ERROR: couldn’t get response from all shards: convergeClusterWithTimeout:

An error appeared when creating a backup

2021-06-01T17:44:24Z 0.00B [ERROR: couldn’t get response from all shards: convergeClusterWithTimeout: reached converge timeout] [2021-06-01T17:45:16]

pbm-agent v1.4.1

What can cause such an error and how to fix what would not appear in the future?
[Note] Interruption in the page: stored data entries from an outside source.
Variables (f df d2f : R -> R) (a b x0 : R).
Hypothesis f_cont : forall x, a <= x <= b -> continuity_pt f x.
Hypothesis f_deriv : forall x, a < x < b -> is_derive f x (df x).
Hypothesis x0_min : forall x, a <= x <= b -> f x0 <= f x.

Lemma deriv_nonpos_at_min : a < x0 <= b -> continuity_pt df x0 -> df x0 <= 0.
Proof.
intros Hx0 Hdf0. apply Rnot_lt_le. intros Hpos.
pose proof (proj1 (continuity_pt_locally df x0) Hdf0) as Hdf0'.
destruct (Hdf0' (mkposreal _ (Rdiv_lt_0_compat _ 2 Hpos Rlt_0_2))) as [d Hd]. simpl in Hd.
set (y := Rmax a (x0 - d / 2)).
assert (Hya : a <= y) by apply Rmax_l.
assert (Hyd : x0 - d / 2 <= y) by apply Rmax_r.
assert (Hyx : y < x0) by (apply Rmax_lub_lt; pose proof (cond_pos d); lra).
destruct (MVT_interval f df y x0) as [c [Hc Hfc]]; [lra | intros; apply f_cont; lra
  | intros; apply f_deriv; lra |].
assert (Hdfc : 0 < df c).
{ assert (Hcd : Rabs (c - x0) < d) by (apply Rabs_def1; lra).
  specialize (Hd c Hcd). apply Rabs_def2 in Hd. lra. }
pose proof (x0_min y ltac:(lra)).
assert (0 < df c * (x0 - y)) by (apply Rmult_lt_0_compat; lra). lra.
Qed.

Hypothesis df_cont : forall x, a <= x <= b -> continuity_pt df x.
Hypothesis df_deriv : forall x, a < x < b -> is_derive df x (d2f x).

Lemma deriv2_nonneg_at_min :
  a <= x0 < b -> continuity_pt d2f x0 -> df x0 <= 0 -> 0 <= d2f x0.
Proof.
intros Hx0 Hd2f0 Hdf0. apply Rnot_lt_le. intros Hneg.
set (m := d2f x0 / 2).
pose proof (proj1 (continuity_pt_locally d2f x0) Hd2f0) as Hd2f0'.
destruct (Hd2f0' (mkposreal (- m) ltac:(unfold m; lra))) as [d Hd]. simpl in Hd.
set (y := Rmin b (x0 + d / 2)).
assert (Hyb : y <= b) by apply Rmin_l.
assert (Hyd : y <= x0 + d / 2) by apply Rmin_r.
assert (Hxy : x0 < y) by (apply Rmin_glb_lt; pose proof (cond_pos d); lra).
assert (Hdf_le : forall z, x0 <= z <= y -> df z <= df x0 + m * (z - x0)).
{ intros z Hz. enough (df z - df x0 <= m * (z - x0)) by lra.
  apply (MVT_le df d2f); [lra | intros; apply df_cont; lra | intros; apply df_deriv; lra |].
  intros w Hw. assert (Hwd : Rabs (w - x0) < d) by (apply Rabs_def1; lra).
  specialize (Hd w Hwd). apply Rabs_def2 in Hd. unfold m in *. lra. }
(* The mean value theorem only locates its point in the closed interval, so
   the strict decrease of [f] is obtained on the second half [mid, y]. *)
set (mid := (x0 + y) / 2).
assert (H1 : f mid - f x0 <= 0 * (mid - x0)).
{ apply (MVT_le f df); [unfold mid; lra | intros; apply f_cont; unfold mid in *; lra
  | intros; apply f_deriv; unfold mid in *; lra |].
  intros z Hz. specialize (Hdf_le z ltac:(unfold mid in *; lra)).
  assert (m * (z - x0) <= 0) by (apply Rmult_le_0_r; unfold m; lra). lra. }
assert (H2 : f y - f mid <= m * (mid - x0) * (y - mid)).
{ apply (MVT_le f df); [unfold mid; lra | intros; apply f_cont; unfold mid in *; lra
  | intros; apply f_deriv; unfold mid in *; lra |].
  intros z Hz. specialize (Hdf_le z ltac:(unfold mid in *; lra)).
  assert (m * (z - x0) <= m * (mid - x0)) by (apply Rmult_le_compat_neg_l; unfold m, mid in *; lra).
  lra. }
assert (m * (mid - x0) * (y - mid) < 0)
  by (apply Rmult_neg_pos; [apply Rmult_neg_pos |]; unfold m, mid; lra).
pose proof (x0_min y ltac:(lra)). lra.
Qed.

End MinimumOnInterval.

Lemma exists_interior_near (a b x0 d : R) :
  a < b -> a <= x0 <= b -> 0 < d -> exists x, a < x < b /\ Rabs (x - x0) < d.
Proof.
intros Hab Hx0 Hd. set (r := Rmin (d / 2) ((b - a) / 4)).
assert (Hr1 : r <= d / 2) by apply Rmin_l.
assert (Hr2 : r <= (b - a) / 4) by apply Rmin_r.
assert (Hr : 0 < r) by (apply Rmin_glb_lt; lra).
destruct (Rle_lt_dec x0 ((a + b) / 2)).
- exists (x0 + r). split; [lra |]. apply Rabs_def1; lra.
- exists (x0 - r). split; [lra |]. apply Rabs_def1; lra.
Qed.

Lemma nonneg_at_right_end (g : R -> R) (c d : R) :
  c < d -> continuity_pt g d -> (forall t, c <= t < d -> 0 <= g t) -> 0 <= g d.
Proof.
intros Hcd Hg Hnonneg. apply Rnot_lt_le. intros Hneg.
pose proof (proj1 (continuity_pt_locally g d) Hg) as Hg'.
destruct (Hg' (mkposreal (- g d) ltac:(lra))) as [r Hr]. simpl in Hr.
set (t := Rmax c (d - r / 2)).
assert (Htc : c <= t) by apply Rmax_l.
assert (Htr : d - r / 2 <= t) by apply Rmax_r.
assert (Htd : t < d) by (apply Rmax_lub_lt; pose proof (cond_pos r); lra).
assert (Htr' : Rabs (t - d) < r) by (apply Rabs_def1; pose proof (cond_pos r); lra).
specialize (Hr t Htr'). apply Rabs_def2 in Hr.
pose proof (Hnonneg t ltac:(lra)). lra.
Qed.

Lemma continuity_2d_pt_slice_x (W : R -> R -> R) (x t : R) :
  continuity_2d_pt W x t -> continuity_pt (fun y => W y t) x.
Proof.
intros HW. apply continuity_pt_locally. intros eps.
destruct (HW eps) as [d Hd]. apply (locally_Rabs _ _ d). intros y Hy.
apply Hd; [exact Hy | rewrite Rminus_eq_0, Rabs_R0; apply cond_pos].
Qed.

Lemma continuity_2d_pt_slice_t (W : R -> R -> R) (x t : R) :
  continuity_2d_pt W x t -> continuity_pt (fun s => W x s) t.
Proof.
intros HW. apply continuity_pt_locally. intros eps.
destruct (HW eps) as [d Hd]. apply (locally_Rabs _ _ d). intros s Hs.
apply Hd; [rewrite Rminus_eq_0, Rabs_R0; apply cond_pos | exact Hs].
Qed.

Lemma continuity_2d_pt_exp_t (lam x t : R) :
  continuity_2d_pt (fun _ s => exp (- lam * s)) x t.
Proof.
apply (continuity_1d_2d_pt_comp (fun s => exp (- lam * s)) (fun _ s => s)).
- apply continuity_pt_filterlim, (ex_derive_continuous (fun s => exp (- lam * s))).
  auto_derive. exact I.
- apply continuity_2d_pt_id2.
Qed.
Ato backup is done according to the schedule and I think that it did, but in fact it did not.

1 Like

Hi, have you checked that all the cluster members have pbm-agent running properly?

1 Like

All participants have pbm-agent v1.4.1 OK status

What to do?

1 Like

Hi, have you done any changes to the cluster after starting the pbm-agent? like adding a new shard? Can you try a restart of the agent everywhere just in case?
Also what is the connection string you are using for the agent?

1 Like

After restarting pbm-agent on all nodes, the backup passed.
But how to track whether pbm-agent is operational on all nodes? When the status shows pbm-agent v1.4.1 OK status for all nodes

1 Like

Glad to hear that solved it. The agent will alert if it cannot connect, but even if the agent is up and running, backups might fail for different reasons. What I recommend is monitor the backup output to check for any errors.

1 Like